> **Activity**
Keyword search on "involutive": report each line of the records that contains it.
====
(* Let $u,v$ be generalized Stirling permutations and $s,t$ planar trees of the same degree. Then (1) if $u\le_{Pw}v$ then $\pi(u)\le_{PT}\pi(v)$; (2) if $s\le_{PT}t$ then $\iota(s)\le_{Pw}\iota(t)$.
   Context: A planar tree has linearly ordered children at each node, each node being a leaf or having $\ge2$ children (internal node); degree = number of leaves minus one. A generalized Stirling permutation (GSP) is a planar tree together with a bijection $\kappa$ from its internal nodes to $\{1,\dots,N\}$ ($N$ = number of internal nodes) increasing from each internal node to its internal children; $\pi(u)$ is its underlying planar tree. Its word $\mathbf w(u)$: a leaf has empty word; a node $x$ with children $c_1,\dots,c_k$ has word $\mathbf w(c_1)\kappa(x)\mathbf w(c_2)\cdots\kappa(x)\mathbf w(c_k)$. For each planar tree $t$ there is exactly one GSP with underlying tree $t$ whose word is $213$-avoiding (no $i<j<k$ with $w_k>w_i>w_j$); it is denoted $\iota(t)$. Planar weak order: for packed words, $w^{-1}(a)=\{p:w_p=a\}$, $\mathrm{iInv}(w)=\{(a,b):a<b,\ \min w^{-1}(a)>\max w^{-1}(b)\}$, $T_a(w)$ = $w$ with letters $a,a+1$ swapped; the order is the reflexive–transitive closure of: $u$ is covered by $w$ iff $u=T_a(w)$ and $|\mathrm{iInv}(w)|=|\mathrm{iInv}(u)|+1$. On GSPs, $u\le_{Pw}v$ iff $\mathbf w(u)\le\mathbf w(v)$. Planar Tamari order: if an internal node $x$ has children $c_1,\dots,c_{a-1},y$ ($a\ge2$) with $y$ internal having children $d_1,\dots,d_{b+1}$ ($b\ge1$), the left rotation at $x$ replaces the subtree at $x$ by a node with children $z,d_2,\dots,d_{b+1}$, where $z$ is a new node with children $c_1,\dots,c_{a-1},d_1$. $\le_{PT}$ is the reflexive–transitive closure of ''$t$ is a left rotation of $s$''. *)

From mathcomp Require Import all_boot.
From Stdlib Require Import Relations.
Set Implicit Arguments. Unset Strict Implicit. Unset Printing Implicit Defensive.

Inductive tree : Type := Leaf : tree | Node : seq tree -> tree.

Fixpoint planar (t : tree) : bool :=
  match t with Leaf => true | Node cs => (2 <= size cs) && all planar cs end.

Fixpoint nleaves (t : tree) : nat :=
  match t with Leaf => 1 | Node cs => sumn (map nleaves cs) end.

Definition degree (t : tree) : nat := (nleaves t).-1.

(** * Generalized Stirling permutations: planar trees whose internal nodes carry labels *)
Inductive ltree : Type := LLeaf : ltree | LNode : nat -> seq ltree -> ltree.

Fixpoint pi_tree (u : ltree) : tree :=
  match u with LLeaf => Leaf | LNode _ cs => Node (map pi_tree cs) end.

Fixpoint labels (u : ltree) : seq nat :=
  match u with LLeaf => [::] | LNode k cs => k :: flatten (map labels cs) end.

Fixpoint increasing (u : ltree) : bool :=
  match u with
  | LLeaf => true
  | LNode k cs =>
      all (fun c => match c with LLeaf => true | LNode k' _ => k < k' end) cs
      && all increasing cs
  end.

(** u is a GSP: underlying tree is planar, kappa is a bijection from the
    internal nodes onto {1,...,N} (N = number of internal nodes), increasing. *)
Definition gsp (u : ltree) : Prop :=
  [/\ planar (pi_tree u),
      perm_eq (labels u) (iota 1 (size (labels u))) & increasing u].

Fixpoint word (u : ltree) : seq nat :=
  match u with
  | LLeaf => [::]
  | LNode k cs =>
      match cs with
      | [::] => [::]
      | c :: cs' => word c ++ flatten (map (fun d => k :: word d) cs')
      end
  end.

Definition avoids213 (w : seq nat) : Prop :=
  forall i j k, i < j -> j < k -> k < size w ->
    ~ (nth 0 w j < nth 0 w i /\ nth 0 w i < nth 0 w k).

(** iota(t) is characterized as the (unique) GSP with underlying tree t whose
    word avoids 213. *)
Definition is_iota (t : tree) (u : ltree) : Prop :=
  gsp u /\ pi_tree u = t /\ avoids213 (word u).

Definition maxletter (w : seq nat) : nat := foldr maxn 0 w.

Definition packed (w : seq nat) : bool :=
  all (fun a => 0 < a) w && all (fun a => a \in w) (iota 1 (maxletter w)).

Definition positions (w : seq nat) (a : nat) : seq nat :=
  [seq p <- iota 0 (size w) | nth 0 w p == a].

Definition iinv_pair (w : seq nat) (a b : nat) : bool :=
  (a < b) && (last 0 (positions w b) < head 0 (positions w a)).

Definition iInv (w : seq nat) : seq (nat * nat) :=
  [seq ab <- [seq (a, b) | a <- iota 1 (maxletter w), b <- iota 1 (maxletter w)]
     | iinv_pair w ab.1 ab.2].

Definition Tswap (a : nat) (w : seq nat) : seq nat :=
  map (fun x => if x == a then a.+1 else if x == a.+1 then a else x) w.

Definition pw_cover (u w : seq nat) : Prop :=
  [/\ packed u, packed w &
      exists a, u = Tswap a w /\ size (iInv w) = (size (iInv u)).+1].

Definition pw_le_word (u w : seq nat) : Prop := clos_refl_trans _ pw_cover u w.

Definition pw_le (u v : ltree) : Prop := pw_le_word (word u) (word v).

Inductive lrot : tree -> tree -> Prop :=
| lrot_root (cs : seq tree) (d : tree) (ds : seq tree) :
    0 < size cs -> 0 < size ds ->
    lrot (Node (rcons cs (Node (d :: ds)))) (Node (Node (rcons cs d) :: ds))
| lrot_child (l : seq tree) (c c' : tree) (r : seq tree) :
    lrot c c' -> lrot (Node (l ++ c :: r)) (Node (l ++ c' :: r)).

Definition pt_le (s t : tree) : Prop := clos_refl_trans _ lrot s t.

From mathcomp Require Import all_boot zify.
From Stdlib Require Import Relations.
Set Implicit Arguments. Unset Strict Implicit. Unset Printing Implicit Defensive.

(** Part (1).  Cutting a word at its smallest letter and recursing on the
    blocks decodes a word into a planar tree ([tree_of_word]); on the word of
    an increasing labelled planar tree this recovers the underlying tree.  A
    cover [u <. w] of the planar weak order is [w = T_a u] where every [a]
    precedes every [a+1] in [u] (this is where inversions are counted).  Such
    a swap either acts blockwise below the minimum of the word, or, when the
    minimum is [a] itself, it is exactly a left rotation at the root of the
    decoded tree.  Induction on the length gives [pi(u) <=PT pi(T_a u)].

    Part (2).  [iota(t)] is the explicit labelling [canon t 1] giving the root
    the smallest label and the children consecutive intervals from right to
    left; a 213-avoiding GSP is forced to be this labelling.  A left rotation
    changes the word of [canon] by a chain of such ordered swaps (the root
    label slides over the labels of the rotated subtrees), and ordered swaps
    of packed words are covers of the planar weak order. *)

Definition transp (a x : nat) : nat :=
  if x == a then a.+1 else if x == a.+1 then a else x.

Lemma TswapE a w : Tswap a w = map (transp a) w. Proof. by []. Qed.

Lemma transp_a a : transp a a = a.+1. Proof. by rewrite /transp eqxx. Qed.

Lemma transp_a1 a : transp a a.+1 = a.
Proof. by rewrite /transp ifN_eq ?eqxx //; lia. Qed.

Lemma transp_id a x : x != a -> x != a.+1 -> transp a x = x.
Proof. by rewrite /transp => /negbTE -> /negbTE ->. Qed.

Lemma transpK a : involutive (transp a).
Proof. by move=> x; rewrite /transp; repeat case: eqP; lia. Qed.

Lemma transp_lt a m y : m < y -> (m = a -> y <> a.+1) -> transp a m < transp a y.
Proof.
rewrite /transp => lt ne.
case: (m =P a) => [ma|_]; case: (y =P a) => [ya|_]; case: (y =P a.+1) => [ya1|_] //;
  case: (m =P a.+1) => [ma1|_]; lia.
Qed.

Lemma transp_inj a : injective (transp a). Proof. exact: can_inj (transpK a). Qed.

Lemma transp_eq a x y : (transp a x == y) = (x == transp a y).
Proof. by apply/eqP/eqP => [<-|->]; rewrite transpK. Qed.

Lemma mem_Tswap a w z : (z \in Tswap a w) = (transp a z \in w).
Proof. by rewrite TswapE -{1}(transpK a z) (mem_map (@transp_inj a)). Qed.

Lemma TswapK a : involutive (Tswap a).
Proof. by move=> w; rewrite !TswapE -map_comp (eq_map (transpK a)) map_id. Qed.

Lemma Tswap_id a w : a \notin w -> a.+1 \notin w -> Tswap a w = w.
Proof.
move=> na na1; rewrite TswapE; apply: map_id_in => x xw.
by apply: transp_id; [apply: contraNneq na|apply: contraNneq na1] => <-.
Qed.

Lemma Tswap_eqi a w : a \in w -> a.+1 \in w -> Tswap a w =i w.
Proof.
move=> h1 h2 z; rewrite mem_Tswap /transp.
by case: eqP => [->|_]; [|case: eqP => [->|_]]; rewrite ?h1 ?h2.
Qed.

(** [precedes b c s]: no occurrence of [b] in [s] follows an occurrence of
    [c].  A planar-weak-order cover [u <. T_a u] is exactly a transposition
    with [precedes a a.+1 u]. *)
Fixpoint precedes (b c : nat) (s : seq nat) : bool :=
  if s is x :: s' then (if x == c then b \notin s' else precedes b c s')
  else true.

Lemma precedes_nob b c s : b \notin s -> precedes b c s.
Proof.
elim: s => //= x s IH; rewrite in_cons negb_or => /andP [_ h].
by case: ifP => _; last exact: IH.
Qed.

Lemma precedes_noc b c s : c \notin s -> precedes b c s.
Proof.
elim: s => //= x s IH; rewrite in_cons negb_or eq_sym => /andP [/negbTE -> h].
exact: IH.
Qed.

Lemma precedes_cat b c l r : precedes b c (l ++ r) =
  [&& precedes b c l, (c \in l) ==> (b \notin r) & precedes b c r].
Proof.
elim: l => //= x l IH; rewrite in_cons mem_cat negb_or IH [c == x]eq_sym.
case: (x =P c) => _ //=; case hb: (b \in r); rewrite ?andbF //=.
by rewrite (@precedes_nob b c r) ?hb.
Qed.

Lemma precedes_subseq b c s1 s2 :
  subseq s1 s2 -> precedes b c s2 -> precedes b c s1.
Proof.
elim: s2 s1 => [|y s2 IH] [|x s1] //= hs.
case: eqP hs => [<-|_] hs; case: ifP => _ h.
- by apply: contra h => /(mem_subseq hs).
- exact: IH.
- by apply: (@precedes_nob b c (x :: s1)); apply: contra h => /(mem_subseq hs).
- exact: (IH (x :: s1)).
Qed.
====
> **Solution**
Lemma transpK a : involutive (transp a).
Lemma TswapK a : involutive (Tswap a).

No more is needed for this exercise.